After years of toying with the idea of reducing or eliminating its tourism marketing expenses, the Carmel City Council is no longer playing. On June 2, the Council passed a $42 million 2026-2027 budget without the originally estimated $473,000 in marketing, asking for a discussion in July, when a final decision will be made on how much to put back into the budget, if anything.

Councilmembers described receiving a barrage of comments from Carmelites weary of visitors populating the village on a weekly basis.

“People are angry about it,” Councilmember Hans Buder said. “They’re over it.”

The city has annually contributed money to three organizations that market Carmel to visitors: See Monterey, Monterey County’s tourism and convention bureau; Visit Carmel; and the Carmel Chamber of Commerce.

The Visit Carmel Board of Directors—which is made up of and financed by hotel owners—had earlier reduced its ask for the coming fiscal year from $120,000 to $90,000. As the Council sought to resolve an expected budget shortfall of more than $2 million the directors voted to take their request to zero.

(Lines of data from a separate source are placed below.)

(* Let $m,u\in\mathbb{Q}$ with $m>0$, $u>0$, $mu<1$, and put $n=m(m^2+1)\bigl(2u-m(u^2-1)\bigr)$. Define $$Q_{m,u}(t)=4m\,(mu^2-m-2u)\,(mt^2-2t-m)\Bigl[(mu^2-m-2u)t^2+(-4mu-2u^2+2)t-mu^2+m+2u\Bigr].$$ (i) Sending a triangle to the rational angle parameter $t$ of its angle $\alpha$ gives a bijection between hyperbolic Heron triangles (up to congruence respecting the labelling of vertices) whose area has rational parameter $m$ and whose angle $\beta$ has rational parameter $u$, and the rational numbers $t$ with $$0<t<\frac{1-mu}{m+u}\qquad\text{(condition (A))}$$ for which $Q_{m,u}(t)=w^2$ for some rational $w>0$. Here $w=(m^2+1)(u^2+1)(t^2+1)\,\sinh(a)\sin(\beta)\sin(\gamma)$. (ii) The affine curve $w^2=Q_{m,u}(t)$ is birational over $\mathbb{Q}$ to the elliptic curve $$E_{m,u}:\ y^2=x\,(x-n)\,\bigl(x-n(u^2+1)\bigr),$$ via a birational map under which $$x=\frac{2u-m(u^2-1)}{4t^2}\Bigl[-4(mu-1)(m+u)mt+2(m^2u^2+m^2-2mu+2)mt^2+2\bigl(2u-m(u^2-1)\bigr)m^2+mw\Bigr],$$ $$t=-\frac{m\bigl(2u-m(u^2-1)\bigr)\bigl(x-(m+u)^2(m^2+1)\bigr)}{y+(m+u)(1-mu)(x-n)}.$$ Consequently these hyperbolic Heron triangles are in one-to-one correspondence with the rational points $(x,y)$ of $E_{m,u}$ off the line $y+(m+u)(1-mu)(x-n)=0$ that satisfy condition (A) for the value of $t$ above (together with the sign condition corresponding to $w>0$), with at most one further explicit point of $E_{m,u}$, namely $P=\bigl((m^2+1)(m+u)^2,\;u^2(m^2+1)^2(m+u)(mu-1)\bigr)$, possibly arising from the line.
   Context: All triangles are non-degenerate, bounded triangles in the hyperbolic plane (curvature $-1$), with side lengths $a,b,c>0$, opposite angles $\alpha,\beta,\gamma>0$, and area $A=\pi-\alpha-\beta-\gamma$. A length $x$ is called rational if $e^x\in\mathbb{Q}$; an angle or area $x$ is called rational if $e^{ix}\in\mathbb{Q}[i]$, i.e. $\cos x,\sin x\in\mathbb{Q}$. A hyperbolic Heron triangle is one with $e^a,e^b,e^c\in\mathbb{Q}$ and $e^{i\alpha},e^{i\beta},e^{i\gamma},e^{iA}\in\mathbb{Q}[i]$. For a rational angle or area $x\in(0,\pi)$, its rational parameter is the unique $t\in\mathbb{Q}$, $t>0$, with $\cos x=\frac{1-t^2}{1+t^2}$ and $\sin x=\frac{2t}{1+t^2}$ (i.e. $t=\tan(x/2)$); ''rational area $m$'' means the area has rational parameter $m$, and ''rational angle $u$'' means the angle has rational parameter $u$. *)

From Stdlib Require Import Reals QArith Qreals.
Open Scope R_scope.

Definition IsRatR (x : R) : Prop := exists q : Q, x = Q2R q.

(** rational length: e^x in Q ; rational angle/area: e^{ix} in Q[i] *)
Definition rat_len (x : R) : Prop := IsRatR (exp x).
Definition rat_ang (x : R) : Prop := IsRatR (cos x) /\ IsRatR (sin x).

(** A (labelled) hyperbolic triangle up to congruence is given by its side
    lengths (a,b,c) (SSS), which must satisfy the strict triangle
    inequalities. *)
Definition htri (a b c : R) : Prop :=
  0 < a /\ 0 < b /\ 0 < c /\ a < b + c /\ b < c + a /\ c < a + b.

(** Angle opposite the side x, the other two sides being y and z
    (hyperbolic law of cosines, curvature -1). *)
Definition hangle (x y z : R) : R :=
  acos ((cosh y * cosh z - cosh x) / (sinh y * sinh z)).

Definition alpha (a b c : R) : R := hangle a b c.
Definition beta  (a b c : R) : R := hangle b c a.
Definition gamma (a b c : R) : R := hangle c a b.
Definition harea (a b c : R) : R := PI - alpha a b c - beta a b c - gamma a b c.

Definition rparam (x : R) : R := tan (x / 2).

Definition heron (a b c : R) : Prop :=
  htri a b c /\ rat_len a /\ rat_len b /\ rat_len c /\
  rat_ang (alpha a b c) /\ rat_ang (beta a b c) /\ rat_ang (gamma a b c) /\
  rat_ang (harea a b c).

Definition heron_mu (m u a b c : R) : Prop :=
  heron a b c /\ rparam (harea a b c) = m /\ rparam (beta a b c) = u.

Definition condA (m u t : R) : Prop := 0 < t /\ t < (1 - m * u) / (m + u).

Definition Qmu (m u t : R) : R :=
  4 * m * (m * u ^ 2 - m - 2 * u) * (m * t ^ 2 - 2 * t - m) *
  ((m * u ^ 2 - m - 2 * u) * t ^ 2 + (- 4 * m * u - 2 * u ^ 2 + 2) * t
   - m * u ^ 2 + m + 2 * u).
Lemma smoothC_on_covDz (p : R -> R -> R -> C) : smoothC_on I p -> smoothC_on I (Dz p).
Proof.
  intros Hp; apply smoothC_on_plus; auto;
    apply smoothC_on_mult; auto using smoothC_on_const, smoothC_on_covD.
Qed.

Lemma smoothC_on_covDzb (p : R -> R -> R -> C) : smoothC_on I p -> smoothC_on I (Dzb p).
Proof.
  intros Hp; apply (smoothC_on_ext I HI _ _ (fun t x y It => eq_sym (covDzb_lin_form p t x y It))).
  apply smoothC_on_plus; auto;
    apply smoothC_on_mult; auto using smoothC_on_const, smoothC_on_covD.
Qed.

Lemma covDzb_lin (c1 c2 : C) (p q : R -> R -> R -> C) :
  smoothC_on I p -> smoothC_on I q ->
  eq_on I (Dzb (fun t x y => c1 * p t x y + c2 * q t x y))
          (fun t x y => c1 * Dzb p t x y + c2 * Dzb q t x y).
Proof. intros Hp Hq t x y It; unfold covDzb; rewrite !covD_lin; auto; ring. Qed.

Lemma covDzb_vanish (p : R -> R -> R -> C) :
  eq_on I p (fun _ _ _ => RtoC 0) -> eq_on I (Dzb p) (fun _ _ _ => RtoC 0).
Proof. intros Hp t x y It; unfold covDzb; rewrite !covD_vanish; auto; ring. Qed.

Lemma covDzb_covD_Dt (p : R -> R -> R -> C) : smoothC_on I p ->
  eq_on I (Dzb (cD Dt p))
          (fun t x y => cD Dt (Dzb p) t x y - Ci * F_tzb I At A1 A2 t x y * p t x y).
Proof.
  intros Hp t x y It.
  rewrite (covD_ext Dt _ _ (covDzb_lin_form p) t x y It), covD_lin; auto using smoothC_on_covD.
  unfold covDzb; rewrite !(covD_comm Dt); auto.
  unfold F_tzb; ring.
Qed.

Lemma covDzb_covDz (p : R -> R -> R -> C) : smoothC_on I p ->
  eq_on I (Dzb (Dz p))
          (fun t x y => Dz (Dzb p) t x y - Ci * F_zzb I At A1 A2 t x y * p t x y).
Proof.
  intros Hp t x y It.
  unfold covDzb at 1; rewrite !(covD_ext _ _ _ (covDz_lin_form p) t x y It), !covD_lin;
    auto using smoothC_on_covD.
  unfold covDz; rewrite !(covD_ext _ _ _ (covDzb_lin_form p) t x y It), !covD_lin;
    auto using smoothC_on_covD.
  rewrite (covD_comm D1 D2); auto.
  unfold F_zzb; field; exact Ci_nz.
Qed.
Lemma commg_x1_xb m (j : 'I_(m - 2)) :
  [~ hm (xb m 1) 0, hm (xb m j.+3) 0] = hm 0 (delta_mx 0 j).
Proof.
have lt_j := ltn_ord j; rewrite commg_hm -xb_delta; congr hm; apply: rcoef_inj => k.
rewrite rcoefB rcoef_fm_xbl // rcoef_fm_xbr ?ifF ?subr0 ?rcoef_xb; try lia.
suff -> : (((1 + k + 1).+1 == j.+3) && (1 + k + 1 < m))%N =
          ((k.+1 == j.+1) && (k < m - 2))%N by [].
by apply/andP/andP => -[/eqP ? ?]; split; try apply/eqP; lia.
Qed.

Lemma der1_Hm m : (4 <= m)%N -> [~: [set: Hm m], [set: Hm m]] = 'Z([set: Hm m]).
Proof.
move=> m_ge4; apply/eqP; rewrite eqEsubset gen_subG; apply/andP; split.
  apply/subsetP => _ /imset2P[[a b] [c d] _ _ ->].
  by rewrite -[(a, b)]/(hm a b) -[(c, d)]/(hm c d) commg_hm /= center_Hm // mem_Zset.
rewrite center_Hm //; apply/subsetP => -[a b]; rewrite mem_Zset /= => /eqP->.
apply: (mem_hm0_supported (P := predT)) => // j _.
by rewrite -commg_x1_xb mem_commg ?inE.
Qed.

Lemma card_Zset m : #|Zset m| = (2 ^ (m - 2))%N.
Proof. by rewrite card_imset => [|u v []//]; rewrite card_mx card_Fp // mul1n. Qed.

Lemma transversal_center_Hm m : (4 <= m)%N ->
  is_transversal [set hm v 0 | v : 'rV['F_2]_m]
    (rcosets 'Z([set: Hm m]) [set: Hm m]) [set: Hm m].
Proof.
move=> m_ge4; apply/and3P; split; [exact: rcosets_partition (subsetT _) | exact: subsetT |].
apply/forall_inP => _ /rcosetsP[[c d] _ ->].
suff -> : [set hm v 0 | v : 'rV['F_2]_m] :&: 'Z([set: Hm m]) :* (c, d) = [set hm c 0].
  by rewrite cards1.
apply/setP => -[a b]; rewrite in_setI mem_rcoset in_set1 center_Hm // mem_Zset.
rewrite -[(a, b)]/(hm a b) -[(c, d)]/(hm c d) Hm_invE Hm_mulE /= subr_eq0.
apply/andP/eqP => [[/imsetP[v _ [-> ->]] /eqP->] // | [-> ->]].
by split; [apply/imsetP; exists c | ].
Qed.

See Monterey is asking for $293,000, based on an agreed-upon 3 percent of the estimated transient occupancy tax revenue, with the money earmarked for marketing to visitors who will more likely stay in hotels and spend more money, versus daytrippers who spend less.

Councilmember Bob Delves said he’d like the city to cut its See Monterey contribution in half, eventually taking it to zero within three years, but Buder worried cuts would directly impact revenue to the city. Councilmember Jeff Baron said a compromise was in order, while Mayor Dale Byrne was the only member who wanted to retain the full requested amount in 2026-2027.

The vote was 5-0 to pass the budget without the See Monterey contribution, to be further discussed on July 7 for possible later inclusion. The $60,000 request from the Chamber remained intact.

Over the last year and a half, city staff have been finding places to cut expenses by about 15 percent. Meanwhile the Council is committed to catching up on deferred capital improvement projects estimated at $100 million total, with a goal of spending $10 million a year. The new budget includes $8.5 million for capital improvements, including $2.7 million transferred from a fund budget.